Speaking fee: $25,000 per lecture plus chauffeur-driven car The Charlotte Observer Charlotte, North Carolina, The witness who can’t stay silent by Tim Funk ELIE Wiesel has decided to walk the nine blocks to his 10 a.m. TV interview at Rockefeller Center even though it’s 36 degrees. He’s given up on the car that was expected 10 minutes ago and is now striding down Madison Avenue, his wild, wispy gray hair dancing in the cold wind.

For Wiesel, 78, the world’s most famous Holocaust survivor, the time he has left in this world is too precious to be spent waiting. The person who knows him best, his wife, Marion , says Wiesel is speeding up at a time in life when most people are slowing down. “As he gets older, he has an even greater sense of urgency,” she says. “He wants to finish what he started.”

Trying to keep up with Wiesel this morning as he hurries past slo-mo pedestrians are a balding bodyguard and Stephanie Ansaldo , president of Charlotte’s Echo Foundation. Ansaldo’s group was born 10 years ago, when Wiesel, a Nobel Peace Prize winner, last visited Charlotte. Its mission: to launch projects that echo Wiesel’s message to guard against indifference in a still-suffering world.

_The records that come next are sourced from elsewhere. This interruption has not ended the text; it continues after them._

Lemma outage_formula_integrand x :
  x ^ (S krr - 1) *
    inc_gamma (S ksr) ((Pr * x + 1) / (Ps * thsr) * Psi r (Pr * x * Cx / (Pr * x + 1))) *
    exp (- x / thrr)
  = INR (fact ksr) * INR (fact krr) * thrr ^ S krr * no_outage_density x.
Proof.
pose proof (INR_fact_pos krr). pose proof (pow_lt thrr (S krr) hthrr).
rewrite inc_gamma_S, Nat.sub_succ, Nat.sub_0_r.
unfold no_outage_density, erlang_pdf, sr_threshold.
replace ((Pr * x + 1) * Psi r (Pr * x * Cx / (Pr * x + 1)) / Ps / thsr)
  with ((Pr * x + 1) / (Ps * thsr) * Psi r (Pr * x * Cx / (Pr * x + 1))) by (field; lra).
field. lra.
Qed.

Lemma outage_formula_Iint (L : R) :
  is_lim (fun b => RInt no_outage_density 0 b) p_infty L ->
  Iint (fun x => x ^ (S krr - 1) *
          inc_gamma (S ksr) ((Pr * x + 1) / (Ps * thsr) * Psi r (Pr * x * Cx / (Pr * x + 1))) *
          exp (- x / thrr)) 0
  = INR (fact ksr) * INR (fact krr) * thrr ^ S krr * L.
Proof.
intros HL. set (C := INR (fact ksr) * INR (fact krr) * thrr ^ S krr).
assert (Hint : forall b, 0 <= b ->
  is_RInt (fun x => x ^ (S krr - 1) *
             inc_gamma (S ksr) ((Pr * x + 1) / (Ps * thsr) * Psi r (Pr * x * Cx / (Pr * x + 1))) *
             exp (- x / thrr)) 0 b (C * RInt no_outage_density 0 b)).
{ intros b Hb. apply (is_RInt_ext (fun x => C * no_outage_density x)).
  - intros x _. symmetry. apply outage_formula_integrand.
  - apply (is_RInt_scal (V := R_NormedModule)).
    apply (RInt_correct (V := R_CompleteNormedModule)), ex_RInt_no_outage_density, Hb. }
apply Iint_eq_lim.
- intros b Hb. eexists. now apply Hint.
- apply (is_lim_ext_loc (fun b => C * RInt no_outage_density 0 b)).
  + exists 0. intros b Hb. symmetry. apply is_RInt_unique, Hint. lra.
  + now apply (is_lim_scal_l _ C _ L).
Qed.

End NoOutageIntegral.

Theorem lemma2 (Ps Pr r Cx : R) (msr mrr : nat) (pisr pirr : R)
  (hPs : 0 < Ps) (hPr : 0 < Pr) (hr : 0 < r) (hC0 : 0 <= Cx) (hC1 : Cx < 1)
  (hmsr : (1 <= msr)%nat) (hmrr : (1 <= mrr)%nat)
  (hpisr : 0 < pisr) (hpirr : 0 < pirr) :
  let thsr := pisr / INR msr in
  let thrr := pirr / INR mrr in
  P_sr Ps Pr Cx r msr mrr thsr thrr =
  1 - / (Gamma mrr * Gamma msr * thrr ^ mrr) *
      Iint (fun x => x ^ (mrr - 1) *
              inc_gamma msr ((Pr * x + 1) / (Ps * thsr) *
                             Psi r (Pr * x * Cx / (Pr * x + 1))) *
              exp (- x / thrr)) 0.
Proof.
intros thsr thrr.
assert (hthsr : 0 < thsr) by (apply Rdiv_lt_0_compat; [lra | apply lt_0_INR; lia]).
assert (hthrr : 0 < thrr) by (apply Rdiv_lt_0_compat; [lra | apply lt_0_INR; lia]).
clearbody thsr thrr.
destruct msr as [| ksr]; [lia |]. destruct mrr as [| krr]; [lia |].
assert (hC : 0 <= Cx < 1) by lra.
destruct (no_outage_integral_converges Ps Pr Cx r thsr thrr ksr krr hPs hPr hr hC hthsr hthrr)
  as [L HL].
erewrite P_sr_no_outage, outage_formula_Iint by eassumption. rewrite !Gamma_S.
pose proof (INR_fact_pos ksr). pose proof (INR_fact_pos krr).
pose proof (pow_lt thrr (S krr) hthrr).
field. lra.
Qed.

After years of invitations to come back, Wiesel has finally agreed to speak — on Tuesday — with students, educators, community leaders, clergy and a paying crowd of 2,000 at the Blumenthal Performing Arts Center. Like everything else he does — speaking to the U.N. Security Council about genocide in Darfur, bringing together top Israeli and Palestinian leaders at a conference, helping to launch the U.S.

Holocaust Memorial Museum in Washington — the trip to Charlotte will be Wiesel’s way of keeping two promises. He made them to himself when he was a skinny teenager in the Nazi death camps, prisoner A-7713. That number is still tattooed on his arm. He swore, first, that he would never let the world forget the 6 million Jews killed by the Nazis — a pledge that led to “Night,” his 1958 memoir.

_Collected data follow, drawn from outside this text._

(* Let $(S,\sqcup,\cap)$ be an ado-semilattice and let $I$ be a relatively maximal $\lesssim$-ideal of $S$. Define $E_I=\{(a,b)\in S\times S: a\notin I,\ b\notin I,\ a\curlyvee b\notin I\}$ and $\epsilon_I=E_I\cup(I\times I)$, where $a\curlyvee b=(a\sqcup b)\cap(b\sqcup a)$. Then $\epsilon_I$ is a congruence of the ado-semilattice $(S,\sqcup,\cap)$ and $S/\epsilon_I$ is a flat ado-semilattice. Moreover, $S$ is a subdirect product of the algebras $S/\epsilon_I$ as $I$ ranges over all relatively maximal $\lesssim$-ideals of $S$.
   Context: An o-semilattice is an algebra $(L,\cap,\sqcup)$ such that $(L,\cap)$ is a semilattice and, with $x\leq y$ iff $x=x\cap y$, for all $x,y,z$: (i) $x\leq x\sqcup y$; (ii) $(x\cap y)\sqcup(y\cap z)\leq y$; (iii) $x\sqcup y\leq x\sqcup(y\cap(x\sqcup y))$; (iv) $x\cap z\leq(x\cap y)\sqcup z$. It is distributive if $(a\cap d)\sqcup((b\cap d)\cap(c\cap d))=((a\cap d)\sqcup(b\cap d))\cap((a\cap d)\sqcup(c\cap d))$ for all $a,b,c,d$. An ado-semilattice is a distributive o-semilattice in which $\sqcup$ is associative. Write $x\lesssim y$ iff $y\sqcup x=y$. A $\lesssim$-ideal is a non-empty subset $I$ that is a down-set under $\lesssim$ with $i\sqcup j\in I$ for all $i,j\in I$; it is relatively maximal if for some $d\in S$, $d\notin I$ and no $\lesssim$-ideal properly containing $I$ omits $d$. A flat ado-semilattice is an algebra $(T,\sqcup,\cap)$ with an element $0$ such that $a\cap a=a$, $0\cap a=a\cap 0=0$, $a\cap b=0$ for distinct $a,b$, $0\sqcup a=a$, and $a\sqcup b=a$ whenever $a\neq0$. *)

Set Implicit Arguments.
(* Let $\mathcal{H}$ be a real Hilbert space and let $C\subset\mathcal{H}$ be a nonempty, closed and convex set with $0\in C$. Then a function $f\in\Gamma_0(\mathcal{H})$ satisfies $$\Vert \operatorname{prox}_f(x)\Vert = d_C(x)\quad\text{for all } x\in\mathcal{H}$$ if and only if $f=\sigma_C+c$ for some constant $c\in\mathbb{R}$.
   Context: $\Gamma_0(\mathcal{H})$ denotes the set of proper, convex, lower semicontinuous functions $\mathcal{H}\to\mathbb{R}\cup\{+\infty\}$. $\operatorname{prox}_f(x)=\operatorname{argmin}_{y\in\mathcal{H}}\{f(y)+\tfrac12\Vert x-y\Vert^2\}$. $d_C(x)=\inf_{c\in C}\Vert x-c\Vert$ is the distance function to $C$, and $\sigma_C(x)=\sup_{y\in C}\langle y,x\rangle$ is the support function of $C$. *)

From HB Require Import structures.
From mathcomp Require Import all_boot all_order all_algebra.
From mathcomp Require Import all_classical all_reals all_analysis.
Set Implicit Arguments.
Unset Strict Implicit.
Unset Printing Implicit Defensive.
Import Order.TTheory GRing.Theory Num.Theory.
Import numFieldNormedType.Exports.
Local Open Scope classical_set_scope.
Local Open Scope ring_scope.

(* A real Hilbert space: a complete normed space over R whose norm comes
   from an inner product (symmetric, linear in the first argument,
   <x,x> = |x|^2; positive definiteness follows from the norm). *)
Record inner_product (R : realType) (H : completeNormedModType R) := InnerProduct {
  ip :> H -> H -> R ;
  ip_sym : forall x y, ip x y = ip y x ;
  ip_linl : forall (a : R) x y z, ip (a *: x + y) z = a * ip x z + ip y z ;
  ip_normE : forall x, ip x x = `|x| ^+ 2
}.

Section defs.
Context {R : realType} {H : completeNormedModType R}.
Local Open Scope ereal_scope.

Definition proper_fun (f : H -> \bar R) :=
  (forall x, f x != -oo) /\ (exists x, f x != +oo).

Definition convex_efun (f : H -> \bar R) :=
  forall (x y : H) (t : R), (0 < t < 1)%R ->
    f (t *: x + (1 - t) *: y)%R <= t%:E * f x + (1 - t)%:E * f y.

Definition Gamma0 (f : H -> \bar R) :=
  [/\ proper_fun f, convex_efun f & lower_semicontinuous f].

And because Wiesel was devastated by the world’s indifference to the genocide of Jews during World War II, he also promised himself that as an adult, he would never be silent “whenever and wherever human beings endure suffering and humiliation.” Hence his drive to get the United Nations, the United States and Israel to do more to stop the slaughter and help the refugees in Sudan’s Darfur region — the world’s new “capital of human suffering,” Wiesel says.

The fact that Wiesel — 5 feet 7 with a slight frame — is traveling this morning with a bodyguard is yet another sign to him that hate and violence are still at large 62 years after he and others were liberated at the Buchenwald death camp. Wiesel added security after a peace forum Feb. 1 in San Francisco. A man dragged Wiesel from an elevator for an “interview” in his sixth-floor hotel room. Wiesel started yelling, and the man walked away.

A man identifying himself as Eric Hunt , 22, later said on an anti-Semitic Web site that he’d been trailing Wiesel for weeks. His plan: Videotape “the cornered Wiesel” while forcing him to admit that “Night” — a book that’s read in high schools all over the world — is fiction. After the Web posting, police arrested Hunt in New Jersey. Lately, Wiesel has been plagued by nightmares. He gets by on four hours of sleep a night and dreams about the death camps where his family was taken in 1944.

He never saw his mother and little sister again. And he watched his father slowly die. Instead of fading away, the terror of his youth has grown more vivid in his old age. Today, he got up at 5 a.m., to work on his latest novel. “I don’t like to sleep,” Wiesel says. “It’s a waste of time.” A sly sense of humor Rockefeller Center is in sight.Wiesel breezes by shivering fans of NBC’s “Today” show who are waiting outside for a brush with Matt, Meredith, Ann or Al.

On the long walk, Wiesel is stopped by only one fan — a young man who simply bows, shakes his hand and moves on. “Most of the time, they say, `You look like somebody famous. Who are you?’ ” Wiesel says. “I just laugh.” This figure so identified with serious causes has a sly sense of humor. His most revealing comic comeback during the hike is about his hectic pace of living. His schedule today is packed: two dinners, his 10 a.m.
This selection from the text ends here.